■ Exercise aim
Using the listing below, copy exactly the lines from the one containing "Lemma fscaleE c" to the one containing "rewrite /fscale /fuzzy_of_endpoints;", both lines included, and no others.

■ Entries supplied
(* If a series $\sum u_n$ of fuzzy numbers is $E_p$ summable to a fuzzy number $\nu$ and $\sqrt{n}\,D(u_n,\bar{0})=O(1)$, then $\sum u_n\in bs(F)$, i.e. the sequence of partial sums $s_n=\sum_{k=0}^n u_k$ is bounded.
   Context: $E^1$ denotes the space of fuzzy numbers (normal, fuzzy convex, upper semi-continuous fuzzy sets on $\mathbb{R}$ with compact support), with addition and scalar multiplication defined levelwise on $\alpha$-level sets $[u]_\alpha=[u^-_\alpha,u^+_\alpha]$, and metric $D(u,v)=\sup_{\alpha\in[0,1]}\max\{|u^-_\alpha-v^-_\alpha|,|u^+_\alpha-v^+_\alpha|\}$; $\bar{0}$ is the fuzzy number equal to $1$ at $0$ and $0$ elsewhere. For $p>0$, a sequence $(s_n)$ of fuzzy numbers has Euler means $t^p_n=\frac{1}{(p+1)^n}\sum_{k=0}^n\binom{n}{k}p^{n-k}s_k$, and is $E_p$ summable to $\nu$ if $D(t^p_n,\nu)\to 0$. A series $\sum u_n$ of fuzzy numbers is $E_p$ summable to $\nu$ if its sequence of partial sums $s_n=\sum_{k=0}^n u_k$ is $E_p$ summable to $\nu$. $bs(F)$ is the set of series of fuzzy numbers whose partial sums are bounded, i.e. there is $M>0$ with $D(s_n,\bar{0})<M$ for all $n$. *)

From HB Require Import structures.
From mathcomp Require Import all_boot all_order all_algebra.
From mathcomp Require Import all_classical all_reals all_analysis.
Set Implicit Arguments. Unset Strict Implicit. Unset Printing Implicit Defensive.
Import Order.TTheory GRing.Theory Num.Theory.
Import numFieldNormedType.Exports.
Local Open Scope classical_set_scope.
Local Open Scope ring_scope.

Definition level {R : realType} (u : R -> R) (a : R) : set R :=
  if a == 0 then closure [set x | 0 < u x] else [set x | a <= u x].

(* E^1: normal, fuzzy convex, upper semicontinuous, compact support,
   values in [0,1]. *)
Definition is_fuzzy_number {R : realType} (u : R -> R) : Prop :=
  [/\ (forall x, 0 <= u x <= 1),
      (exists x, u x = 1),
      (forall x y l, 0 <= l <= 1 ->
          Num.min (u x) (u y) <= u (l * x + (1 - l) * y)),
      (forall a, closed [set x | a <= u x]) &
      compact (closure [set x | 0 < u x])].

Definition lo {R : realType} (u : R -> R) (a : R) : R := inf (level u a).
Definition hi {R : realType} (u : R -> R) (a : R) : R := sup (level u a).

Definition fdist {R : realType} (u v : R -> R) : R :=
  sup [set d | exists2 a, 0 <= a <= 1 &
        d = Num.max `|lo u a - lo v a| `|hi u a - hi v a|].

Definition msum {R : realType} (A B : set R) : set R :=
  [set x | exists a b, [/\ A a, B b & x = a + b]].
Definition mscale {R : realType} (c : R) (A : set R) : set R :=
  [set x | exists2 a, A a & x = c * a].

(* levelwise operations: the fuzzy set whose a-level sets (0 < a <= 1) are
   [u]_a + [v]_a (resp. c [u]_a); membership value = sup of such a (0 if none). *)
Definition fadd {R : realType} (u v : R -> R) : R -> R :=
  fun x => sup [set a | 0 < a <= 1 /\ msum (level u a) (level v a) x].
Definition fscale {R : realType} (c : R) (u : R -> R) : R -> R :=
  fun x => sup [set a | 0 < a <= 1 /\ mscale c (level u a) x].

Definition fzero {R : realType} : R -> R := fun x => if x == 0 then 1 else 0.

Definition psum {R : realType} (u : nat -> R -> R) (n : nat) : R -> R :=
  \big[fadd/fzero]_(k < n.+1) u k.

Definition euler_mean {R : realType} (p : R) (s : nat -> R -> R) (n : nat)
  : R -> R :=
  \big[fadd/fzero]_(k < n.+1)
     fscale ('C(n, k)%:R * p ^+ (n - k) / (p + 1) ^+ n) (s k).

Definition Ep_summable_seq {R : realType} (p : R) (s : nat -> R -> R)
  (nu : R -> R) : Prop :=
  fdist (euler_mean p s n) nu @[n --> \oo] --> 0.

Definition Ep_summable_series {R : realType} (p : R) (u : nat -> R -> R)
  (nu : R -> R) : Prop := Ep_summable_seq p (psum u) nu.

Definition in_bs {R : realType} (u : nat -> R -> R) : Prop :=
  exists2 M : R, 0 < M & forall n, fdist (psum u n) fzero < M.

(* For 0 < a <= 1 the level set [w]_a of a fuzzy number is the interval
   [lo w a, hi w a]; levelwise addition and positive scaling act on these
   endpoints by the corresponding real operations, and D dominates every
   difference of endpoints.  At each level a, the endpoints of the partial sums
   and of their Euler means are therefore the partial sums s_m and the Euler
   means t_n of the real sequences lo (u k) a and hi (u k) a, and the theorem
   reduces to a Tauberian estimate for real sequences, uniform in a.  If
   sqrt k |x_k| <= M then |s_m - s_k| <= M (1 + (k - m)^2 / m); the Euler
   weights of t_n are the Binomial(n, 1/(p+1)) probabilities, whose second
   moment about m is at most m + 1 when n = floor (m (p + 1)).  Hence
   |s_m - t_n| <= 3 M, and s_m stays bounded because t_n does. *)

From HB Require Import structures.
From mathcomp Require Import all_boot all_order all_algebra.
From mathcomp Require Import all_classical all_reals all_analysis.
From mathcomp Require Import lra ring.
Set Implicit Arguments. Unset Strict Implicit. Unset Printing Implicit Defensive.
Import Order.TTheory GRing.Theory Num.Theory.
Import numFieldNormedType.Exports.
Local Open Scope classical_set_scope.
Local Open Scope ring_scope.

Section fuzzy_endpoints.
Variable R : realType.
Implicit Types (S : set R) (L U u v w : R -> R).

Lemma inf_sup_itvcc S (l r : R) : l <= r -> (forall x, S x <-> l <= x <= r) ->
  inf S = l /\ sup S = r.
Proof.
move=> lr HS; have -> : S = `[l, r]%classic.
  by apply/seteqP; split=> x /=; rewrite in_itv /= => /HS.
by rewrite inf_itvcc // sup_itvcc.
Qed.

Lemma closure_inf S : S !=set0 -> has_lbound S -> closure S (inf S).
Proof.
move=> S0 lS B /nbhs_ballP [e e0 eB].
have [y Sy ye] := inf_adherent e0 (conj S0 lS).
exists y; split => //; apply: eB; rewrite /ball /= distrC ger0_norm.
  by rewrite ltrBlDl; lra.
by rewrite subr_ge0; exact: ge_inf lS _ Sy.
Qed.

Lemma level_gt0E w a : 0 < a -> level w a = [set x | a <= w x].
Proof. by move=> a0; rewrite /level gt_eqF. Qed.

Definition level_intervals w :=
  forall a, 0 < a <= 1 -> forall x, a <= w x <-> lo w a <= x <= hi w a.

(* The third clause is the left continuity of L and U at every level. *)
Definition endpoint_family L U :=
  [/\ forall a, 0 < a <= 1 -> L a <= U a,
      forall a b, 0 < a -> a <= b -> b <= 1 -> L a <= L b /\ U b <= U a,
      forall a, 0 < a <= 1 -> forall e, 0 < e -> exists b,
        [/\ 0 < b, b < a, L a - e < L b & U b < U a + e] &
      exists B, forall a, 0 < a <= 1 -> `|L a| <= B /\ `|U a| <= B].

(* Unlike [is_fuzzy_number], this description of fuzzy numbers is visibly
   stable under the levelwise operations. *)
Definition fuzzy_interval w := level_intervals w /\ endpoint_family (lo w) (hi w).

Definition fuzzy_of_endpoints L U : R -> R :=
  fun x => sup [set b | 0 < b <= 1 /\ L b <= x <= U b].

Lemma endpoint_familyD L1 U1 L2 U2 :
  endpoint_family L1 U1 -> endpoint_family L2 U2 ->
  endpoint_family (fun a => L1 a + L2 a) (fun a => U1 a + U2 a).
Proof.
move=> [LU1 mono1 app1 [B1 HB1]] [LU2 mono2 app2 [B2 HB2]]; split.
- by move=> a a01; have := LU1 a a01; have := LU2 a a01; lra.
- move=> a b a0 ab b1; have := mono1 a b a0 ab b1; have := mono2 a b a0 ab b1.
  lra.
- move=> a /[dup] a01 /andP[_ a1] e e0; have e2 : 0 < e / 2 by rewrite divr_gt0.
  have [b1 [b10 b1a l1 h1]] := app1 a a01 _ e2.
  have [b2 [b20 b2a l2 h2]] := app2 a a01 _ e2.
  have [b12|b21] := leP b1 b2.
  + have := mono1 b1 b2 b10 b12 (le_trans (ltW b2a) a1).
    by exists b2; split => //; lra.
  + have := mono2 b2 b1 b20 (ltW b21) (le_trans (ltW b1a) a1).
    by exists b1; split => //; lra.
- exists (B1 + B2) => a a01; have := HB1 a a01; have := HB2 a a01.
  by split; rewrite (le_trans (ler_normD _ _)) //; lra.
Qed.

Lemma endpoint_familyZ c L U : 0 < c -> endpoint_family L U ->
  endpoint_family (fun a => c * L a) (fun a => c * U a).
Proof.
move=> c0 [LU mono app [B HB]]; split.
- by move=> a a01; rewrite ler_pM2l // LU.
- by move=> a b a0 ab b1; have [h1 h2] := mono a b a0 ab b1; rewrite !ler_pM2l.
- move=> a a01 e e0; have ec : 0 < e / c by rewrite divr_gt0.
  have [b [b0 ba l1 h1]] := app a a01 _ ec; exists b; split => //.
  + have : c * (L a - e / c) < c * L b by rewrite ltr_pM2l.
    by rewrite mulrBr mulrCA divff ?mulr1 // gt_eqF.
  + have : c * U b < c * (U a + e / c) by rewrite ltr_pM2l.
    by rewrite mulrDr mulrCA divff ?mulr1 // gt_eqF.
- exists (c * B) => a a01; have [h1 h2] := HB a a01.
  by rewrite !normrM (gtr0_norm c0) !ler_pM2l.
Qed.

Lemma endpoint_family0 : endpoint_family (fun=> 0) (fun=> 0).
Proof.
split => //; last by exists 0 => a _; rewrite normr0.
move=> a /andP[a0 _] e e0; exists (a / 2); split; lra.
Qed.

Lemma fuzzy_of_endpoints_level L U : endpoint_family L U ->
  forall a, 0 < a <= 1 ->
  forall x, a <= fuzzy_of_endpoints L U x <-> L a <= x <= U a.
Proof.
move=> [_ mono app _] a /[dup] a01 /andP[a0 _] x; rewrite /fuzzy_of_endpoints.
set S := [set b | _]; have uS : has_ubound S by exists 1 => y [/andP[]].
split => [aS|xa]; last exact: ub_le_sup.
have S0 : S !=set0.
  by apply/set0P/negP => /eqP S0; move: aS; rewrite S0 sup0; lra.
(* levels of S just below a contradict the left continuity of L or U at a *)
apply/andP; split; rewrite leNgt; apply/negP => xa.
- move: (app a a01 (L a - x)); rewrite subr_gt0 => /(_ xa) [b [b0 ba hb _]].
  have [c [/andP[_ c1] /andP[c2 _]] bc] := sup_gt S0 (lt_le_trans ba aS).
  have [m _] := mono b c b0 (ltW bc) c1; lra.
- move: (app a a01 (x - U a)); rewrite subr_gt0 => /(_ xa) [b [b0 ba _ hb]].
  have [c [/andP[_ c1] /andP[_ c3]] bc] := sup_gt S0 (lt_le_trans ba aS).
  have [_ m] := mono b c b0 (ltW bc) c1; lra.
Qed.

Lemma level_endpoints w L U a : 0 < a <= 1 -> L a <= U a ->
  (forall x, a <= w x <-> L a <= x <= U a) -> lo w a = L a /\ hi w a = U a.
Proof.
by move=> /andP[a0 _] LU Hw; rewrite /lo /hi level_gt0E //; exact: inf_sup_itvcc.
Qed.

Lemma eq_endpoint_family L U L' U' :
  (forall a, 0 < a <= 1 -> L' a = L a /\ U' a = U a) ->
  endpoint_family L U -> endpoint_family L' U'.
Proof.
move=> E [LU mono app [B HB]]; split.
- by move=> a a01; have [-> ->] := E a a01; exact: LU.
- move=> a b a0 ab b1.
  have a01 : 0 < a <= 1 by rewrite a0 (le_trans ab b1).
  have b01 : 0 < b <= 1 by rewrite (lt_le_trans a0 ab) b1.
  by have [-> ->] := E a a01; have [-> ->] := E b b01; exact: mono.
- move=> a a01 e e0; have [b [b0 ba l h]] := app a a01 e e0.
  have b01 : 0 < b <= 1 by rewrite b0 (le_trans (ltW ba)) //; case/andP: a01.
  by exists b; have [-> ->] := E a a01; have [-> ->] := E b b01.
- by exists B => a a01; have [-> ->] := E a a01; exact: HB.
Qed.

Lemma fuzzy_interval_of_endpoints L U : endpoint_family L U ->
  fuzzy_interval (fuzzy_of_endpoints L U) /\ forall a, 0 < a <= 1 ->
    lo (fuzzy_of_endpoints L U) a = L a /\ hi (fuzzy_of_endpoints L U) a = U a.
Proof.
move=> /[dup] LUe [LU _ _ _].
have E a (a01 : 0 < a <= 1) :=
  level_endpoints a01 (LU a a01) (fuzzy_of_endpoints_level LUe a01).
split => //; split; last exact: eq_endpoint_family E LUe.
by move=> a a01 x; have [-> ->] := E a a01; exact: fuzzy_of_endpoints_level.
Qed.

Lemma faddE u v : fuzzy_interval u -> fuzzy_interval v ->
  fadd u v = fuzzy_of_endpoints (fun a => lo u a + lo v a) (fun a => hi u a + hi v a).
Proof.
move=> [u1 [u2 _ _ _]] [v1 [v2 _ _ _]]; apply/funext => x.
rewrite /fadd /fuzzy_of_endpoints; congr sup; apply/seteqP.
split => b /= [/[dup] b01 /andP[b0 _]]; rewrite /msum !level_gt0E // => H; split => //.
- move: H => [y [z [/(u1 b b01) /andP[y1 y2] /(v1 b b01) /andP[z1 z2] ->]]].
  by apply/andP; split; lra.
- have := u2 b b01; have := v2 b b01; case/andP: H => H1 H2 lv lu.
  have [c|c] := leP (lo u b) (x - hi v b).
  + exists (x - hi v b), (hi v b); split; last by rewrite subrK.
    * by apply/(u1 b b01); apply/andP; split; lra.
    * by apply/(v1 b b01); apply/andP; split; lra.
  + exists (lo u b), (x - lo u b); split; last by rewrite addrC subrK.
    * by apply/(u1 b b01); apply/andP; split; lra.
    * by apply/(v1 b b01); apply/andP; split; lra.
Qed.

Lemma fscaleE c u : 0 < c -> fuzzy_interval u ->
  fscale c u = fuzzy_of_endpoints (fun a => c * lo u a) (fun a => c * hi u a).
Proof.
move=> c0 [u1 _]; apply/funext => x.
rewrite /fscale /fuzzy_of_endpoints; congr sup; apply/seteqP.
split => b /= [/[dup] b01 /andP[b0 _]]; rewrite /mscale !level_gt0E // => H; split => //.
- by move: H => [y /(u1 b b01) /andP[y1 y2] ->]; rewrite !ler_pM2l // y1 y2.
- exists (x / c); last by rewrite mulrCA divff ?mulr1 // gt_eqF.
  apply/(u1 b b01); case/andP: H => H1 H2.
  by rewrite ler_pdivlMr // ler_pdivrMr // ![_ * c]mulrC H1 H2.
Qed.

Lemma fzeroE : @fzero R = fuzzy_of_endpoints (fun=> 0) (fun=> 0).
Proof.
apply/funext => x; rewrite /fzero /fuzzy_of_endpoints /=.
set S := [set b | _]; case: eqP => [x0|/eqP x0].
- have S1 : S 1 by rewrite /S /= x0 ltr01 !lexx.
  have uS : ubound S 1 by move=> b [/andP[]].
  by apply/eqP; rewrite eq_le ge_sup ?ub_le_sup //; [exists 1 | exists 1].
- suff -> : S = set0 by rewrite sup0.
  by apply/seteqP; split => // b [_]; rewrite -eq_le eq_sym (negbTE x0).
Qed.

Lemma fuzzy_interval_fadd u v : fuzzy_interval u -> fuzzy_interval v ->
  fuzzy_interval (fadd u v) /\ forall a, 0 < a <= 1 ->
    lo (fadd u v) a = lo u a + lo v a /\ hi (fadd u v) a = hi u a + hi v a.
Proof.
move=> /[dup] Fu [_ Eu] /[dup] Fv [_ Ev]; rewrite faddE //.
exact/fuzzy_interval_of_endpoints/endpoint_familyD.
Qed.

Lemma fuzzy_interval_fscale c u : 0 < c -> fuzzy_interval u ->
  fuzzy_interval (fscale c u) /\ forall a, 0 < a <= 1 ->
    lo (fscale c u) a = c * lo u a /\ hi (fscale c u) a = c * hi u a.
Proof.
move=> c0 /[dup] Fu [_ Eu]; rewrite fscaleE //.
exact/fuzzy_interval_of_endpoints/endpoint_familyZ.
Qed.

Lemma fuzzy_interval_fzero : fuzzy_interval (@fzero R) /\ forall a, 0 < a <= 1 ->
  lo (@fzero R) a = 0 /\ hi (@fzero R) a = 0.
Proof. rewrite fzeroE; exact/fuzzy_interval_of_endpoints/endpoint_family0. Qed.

---

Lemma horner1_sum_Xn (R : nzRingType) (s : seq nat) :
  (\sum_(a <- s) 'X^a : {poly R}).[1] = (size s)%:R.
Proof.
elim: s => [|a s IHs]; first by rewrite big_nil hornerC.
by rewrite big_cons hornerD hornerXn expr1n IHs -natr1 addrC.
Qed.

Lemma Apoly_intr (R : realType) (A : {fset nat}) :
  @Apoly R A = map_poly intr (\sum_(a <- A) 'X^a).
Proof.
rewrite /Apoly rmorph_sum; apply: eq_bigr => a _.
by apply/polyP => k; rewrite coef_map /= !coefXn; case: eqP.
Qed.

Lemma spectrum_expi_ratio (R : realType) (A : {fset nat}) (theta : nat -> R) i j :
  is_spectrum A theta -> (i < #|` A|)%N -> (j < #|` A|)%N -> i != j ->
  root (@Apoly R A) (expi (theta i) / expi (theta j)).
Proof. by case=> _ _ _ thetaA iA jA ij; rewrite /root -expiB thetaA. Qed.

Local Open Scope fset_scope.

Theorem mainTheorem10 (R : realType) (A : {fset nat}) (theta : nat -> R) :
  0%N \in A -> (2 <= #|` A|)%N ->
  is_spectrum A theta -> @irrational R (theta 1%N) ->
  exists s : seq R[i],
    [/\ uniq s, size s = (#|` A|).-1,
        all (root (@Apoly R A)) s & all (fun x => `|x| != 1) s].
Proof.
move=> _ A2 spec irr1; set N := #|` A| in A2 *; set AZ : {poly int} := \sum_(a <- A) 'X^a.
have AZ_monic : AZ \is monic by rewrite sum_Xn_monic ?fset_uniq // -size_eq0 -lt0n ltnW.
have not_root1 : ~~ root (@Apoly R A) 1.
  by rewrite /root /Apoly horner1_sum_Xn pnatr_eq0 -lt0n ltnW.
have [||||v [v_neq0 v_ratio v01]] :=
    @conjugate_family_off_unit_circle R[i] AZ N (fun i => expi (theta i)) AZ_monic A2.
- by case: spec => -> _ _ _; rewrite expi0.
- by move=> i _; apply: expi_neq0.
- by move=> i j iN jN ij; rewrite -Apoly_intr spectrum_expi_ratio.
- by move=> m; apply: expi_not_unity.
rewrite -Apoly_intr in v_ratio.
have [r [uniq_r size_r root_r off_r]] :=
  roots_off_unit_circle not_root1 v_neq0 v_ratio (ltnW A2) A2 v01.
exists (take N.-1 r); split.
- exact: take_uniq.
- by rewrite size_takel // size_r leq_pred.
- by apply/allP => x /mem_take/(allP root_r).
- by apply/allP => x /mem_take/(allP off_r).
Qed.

■ Exercise solution
Lemma fscaleE c u : 0 < c -> fuzzy_interval u ->
  fscale c u = fuzzy_of_endpoints (fun a => c * lo u a) (fun a => c * hi u a).
Proof.
move=> c0 [u1 _]; apply/funext => x.
rewrite /fscale /fuzzy_of_endpoints; congr sup; apply/seteqP.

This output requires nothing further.